* [What needs to be done] Print the data below exactly, but only the lines from the one containing "Section TransitiveCount." down to the one containing "Definition coset_pair (g", inclusive.

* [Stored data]
+-------+

Lemma stab3P (L : {set gX * gY}) (M : {set gY * gZ}) a b g :
  group_set L -> group_set M ->
  (g \in stab3 X Y Z (a *: L)%g (b *: M)%g) =
  [&& g \in G3 X Y Z, (g.1, g.2.1) \in (L :^ a^-1)%g & (g.2.1, g.2.2) \in (M :^ b^-1)%g].
Proof. by move=> gL gM; rewrite inE !lcoset_stabE // !mem_conjgV. Qed.

Lemma mem_stab3 (L : {set gX * gY}) (M : {set gY * gZ}) g :
  group_set L -> group_set M ->
  (g \in stab3 X Y Z L M) =
  [&& g \in G3 X Y Z, (g.1, g.2.1) \in L & (g.2.1, g.2.2) \in M].
Proof.
move=> gL gM; rewrite -[L in LHS]lcoset1 -[M in LHS]lcoset1 stab3P //.
by rewrite !invg1 !conjsg1.
Qed.

(* A point of the balanced product of two free bisets is determined by its middle coordinate. *)
Lemma card_p13_stab3 (L : {set gX * gY}) (M : {set gY * gZ}) a b :
  bifree X Y L -> bifree Y Z M -> a \in setX X Y -> b \in setX Y Z ->
  (#|p13 (stab3 X Y Z (a *: L)%g (b *: M)%g)| <= #|Y|)%N.
Proof.
move=> fL fM Ga Gb.
have gL : group_set L by case/andP: fL => /andP[].
have gM : group_set M by case/andP: fM => /andP[].
have fL' := bifreeJ fL (groupVr Ga); have fM' := bifreeJ fM (groupVr Gb).
apply: leq_trans (leq_imset_card _ _) _.
rewrite -(@card_in_imset _ _ (fun g : gX * (gY * gZ) => g.2.1)); last first.
  move=> [g1 [g2 g3]] [h1 [h2 h3]]; rewrite !stab3P //= => /and3P[_ A1 A2] /and3P[_ B1 B2] E.
  by subst h2; rewrite (bifree_inj1 fL' A1 B1) (bifree_inj2 fM' A2 B2).
apply: subset_leq_card; apply/subsetP => y /imsetP[g]; rewrite stab3P // => /and3P[G _ _] ->.
by move: G; rewrite !inE => /and3P[].
Qed.

Variable k : fieldType.

Lemma compL_eq0_card (L : {set gX * gY}) (M : {set gY * gZ}) (N : {set gX * gZ}) :
  bifree X Y L -> bifree Y Z M -> (#|Y| < #|N|)%N -> compL k X Y Z L M N = 0.
Proof.
move=> fL fM YN; rewrite /compL sum_ffunE big1 // => u /lcosetsP[a Ga ->].
rewrite sum_ffunE big1 // => v /lcosetsP[b Gb ->].
rewrite !ffunE; case: eqP => [E|] /=; last by rewrite scaler0.
by have := card_p13_stab3 fL fM Ga Gb; rewrite -E leqNgt YN.
Qed.

Hypothesis k0 : [pchar k] =i pred0.

Lemma bcomp_eq0_card (a : kB k gX gY) (b : kB k gY gZ) (N : {set gX * gZ}) :
  inkA X Y a -> inkA Y Z b -> (#|Y| < #|N|)%N -> bcomp X Y Z a b N = 0.
Proof.
move=> [a' [ea fa]] [b' [eb fb]] YN.
rewrite (bcomp_bequivl k0 _ _ ea) (bcomp_bequivr k0 _ _ eb) /bcomp sum_ffunE big1 // => L _.
rewrite sum_ffunE big1 // => M _; rewrite ffunE.
have [->|/fa fL] := eqVneq (a' L) 0; first by rewrite mul0r scale0r.
have [->|/fb fM] := eqVneq (b' M) 0; first by rewrite mulr0 scale0r.
by rewrite compL_eq0_card ?scaler0.
Qed.

End Stabilizers.

Lemma inkIA_bcls_eq0 (k : fieldType) (gX gH : finGroupType) (X : {group gX}) (H : {group gH})
    (f : kB k gX gH) :
  [pchar k] =i pred0 -> inkIA X H f ->
  forall N : {set gX * gH}, (#|H| <= #|N|)%N -> bcls X H f N = 0.
Proof.
move=> k0; elim=> {f}.
- move=> gK K a b [H' [pH' iso]] iA iB N HN.
  have KN : (#|K| < #|N|)%N.
    by rewrite (card_isog iso); apply: leq_trans (proper_card pH') HN.
  rewrite bclsE big1 // => L /andP[_ /imsetP[g _ E]].
  by rewrite (bcomp_eq0_card k0) // -(cardJg L g) -E.
- by move=> N _; rewrite bcls0 ffunE.
- by move=> f g _ IHf _ IHg N HN; rewrite bclsD ffunE IHf // IHg // addr0.
- by move=> c f _ IHf N HN; rewrite bclsZ ffunE IHf // scaler0.
- by move=> f g e _ IHf N HN; rewrite -e IHf.
Qed.

Definition diagset (gH : finGroupType) (S : {set gH}) : {set gH * gH} :=
  [set (s, s) | s in S].

Section Diagonal.
Variables (gH : finGroupType) (H : {group gH}).

Lemma card_diagset : #|diagset H| = #|H|.
Proof. by rewrite card_imset // => x y [->]. Qed.

Lemma group_set_diagset (S : {group gH}) : group_set (diagset S).
Proof.
apply/group_setP; split; first by apply/imsetP; exists 1%g.
move=> _ _ /imsetP[x Sx ->] /imsetP[y Sy ->]; apply/imsetP; exists (x * y)%g => //.
by rewrite groupM.
Qed.

Lemma bifree_diagset (S : {group gH}) : S \subset H -> bifree S H (diagset S).
Proof.
move=> sSH; apply/andP; split; first (apply/andP; split; first exact: group_set_diagset).
  by apply/subsetP => _ /imsetP[x Sx ->]; rewrite !inE Sx (subsetP sSH).
by apply/forall_inP => _ /imsetP[x Sx ->].
Qed.

Lemma bsub_Iso (s : {perm gH}) : s \in Aut H -> bsub H H [set (s h, h) | h in H].
Proof.
move=> sA; apply/andP; split.
  apply/group_setP; split.
    apply/imsetP; exists 1%g => //; congr (_, _).
    by have := morph1 (autm_morphism sA); rewrite /= autmE.
  move=> _ _ /imsetP[x Hx ->] /imsetP[y Hy ->]; apply/imsetP.
  exists (x * y)%g; rewrite ?groupM //.
  by have := morphM (autm_morphism sA) Hx Hy; rewrite /= autmE => ->.
by apply/subsetP => _ /imsetP[x Hx ->]; rewrite !inE Aut_closed.
Qed.

Lemma diagset_conjugates_Iso (s : {perm gH}) : s \in Aut H ->
  (diagset H \in [set (s h, h) | h in H] :^: setX H H)%g = innerb H s.
Proof.
move=> sA; apply/imsetP/existsP => [[[a b]]|[x /andP[Hx /forall_inP sx]]].
  rewrite inE => /andP[Ha Hb] /= E.
  exists (b * a^-1)%g; rewrite groupM ?groupV //=; apply/forall_inP => h Hh.
  have : ((s h, h) ^ (a, b))%g \in diagset H.
    by rewrite E memJ_conjg; apply/imsetP; exists h.
  case/imsetP => y _ /= [E1 E2].
  have E3 : (s h ^ a)%g = (h ^ b)%g by apply: (etrans E1); symmetry; apply: E2.
  by apply/eqP; rewrite conjgM -E3 conjgK.
exists (x^-1, 1)%g; first by rewrite !inE groupV Hx group1.
rewrite /conjugate -imset_comp; apply: eq_in_imset => h Hh /=.
rewrite (eqP (sx h Hh)).
have -> : ((h ^ x, h) ^ (x^-1, 1))%g = ((h ^ x) ^ x^-1, h ^ 1)%g by [].
by rewrite conjgK conjg1.
Qed.

(* Elements of kI_A(H,H) vanish on the class of Delta(H) = Iso_1, whose coefficient is tau pi. *)
Lemma taupi0_bcls_diagset (k : fieldType) (g : kB k gH gH) :
  [pchar k] =i pred0 -> taupi H g 0 -> bcls H H g (diagset H) = 0.
Proof.
move=> k0 [c [Hc hI]].
have := inkIA_bcls_eq0 k0 hI (N := diagset H); rewrite card_diagset leqnn => /(_ isT).
rewrite bclsD bclsN bcls_sum !ffunE sum_ffunE => /eqP; rewrite subr_eq0 => /eqP ->.
rewrite -[RHS]Hc big_mkcondr /=; apply: eq_bigr => s sA.
rewrite bclsZ ffunE /Iso bcls_bdelta bsub_Iso // diagset_conjugates_Iso //=.
by case: (innerb H s); [apply: mulr1 | apply: mulr0].
Qed.

End Diagonal.

Section TransitiveCount.
Variables (gX gY gZ : finGroupType) (X : {group gX}) (Y : {group gY}) (Z : {group gZ}).
Variables (L : {set gX * gY}) (M : {set gY * gZ}).

Definition coset_pair (g : gX * (gY * gZ)) : {set gX * gY} * {set gY * gZ} :=
  (((g.1, g.2.1) : gX * gY) *: L, ((g.2.1, g.2.2) : gY * gZ) *: M)%g.

Lemma card_coset_pair_fiber g0 : g0 \in G3 X Y Z ->
  #|[set g in G3 X Y Z | coset_pair g == coset_pair g0]|
    = #|stab3 X Y Z (coset_pair g0).1 (coset_pair g0).2|.
Proof.
move=> G0; rewrite -(card_rcoset _ (g0^-1)%g); apply: eq_card => h.
move: G0; rewrite mem_rcoset invgK !inE => /and3P[G1 G2 G3'] /=.
by rewrite !groupMr //; congr (_ && _); rewrite /coset_pair /= xpair_eqE -!lcosetM.
Qed.

Lemma coset_pair_in g : g \in G3 X Y Z ->
  ((coset_pair g).1 \in lcosets L (setX X Y)) && ((coset_pair g).2 \in lcosets M (setX Y Z)).
Proof.
rewrite !inE => /and3P[G1 G2 G3'].
by apply/andP; split; apply/lcosetsP;
  [exists (g.1, g.2.1) | exists (g.2.1, g.2.2)]; rewrite ?inE ?G1 ?G2 ?G3'.
Qed.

+-------+

* [Expected output]
Section TransitiveCount.
Variables (gX gY gZ : finGroupType) (X : {group gX}) (Y : {group gY}) (Z : {group gZ}).
Variables (L : {set gX * gY}) (M : {set gY * gZ}).

Definition coset_pair (g : gX * (gY * gZ)) : {set gX * gY} * {set gY * gZ} :=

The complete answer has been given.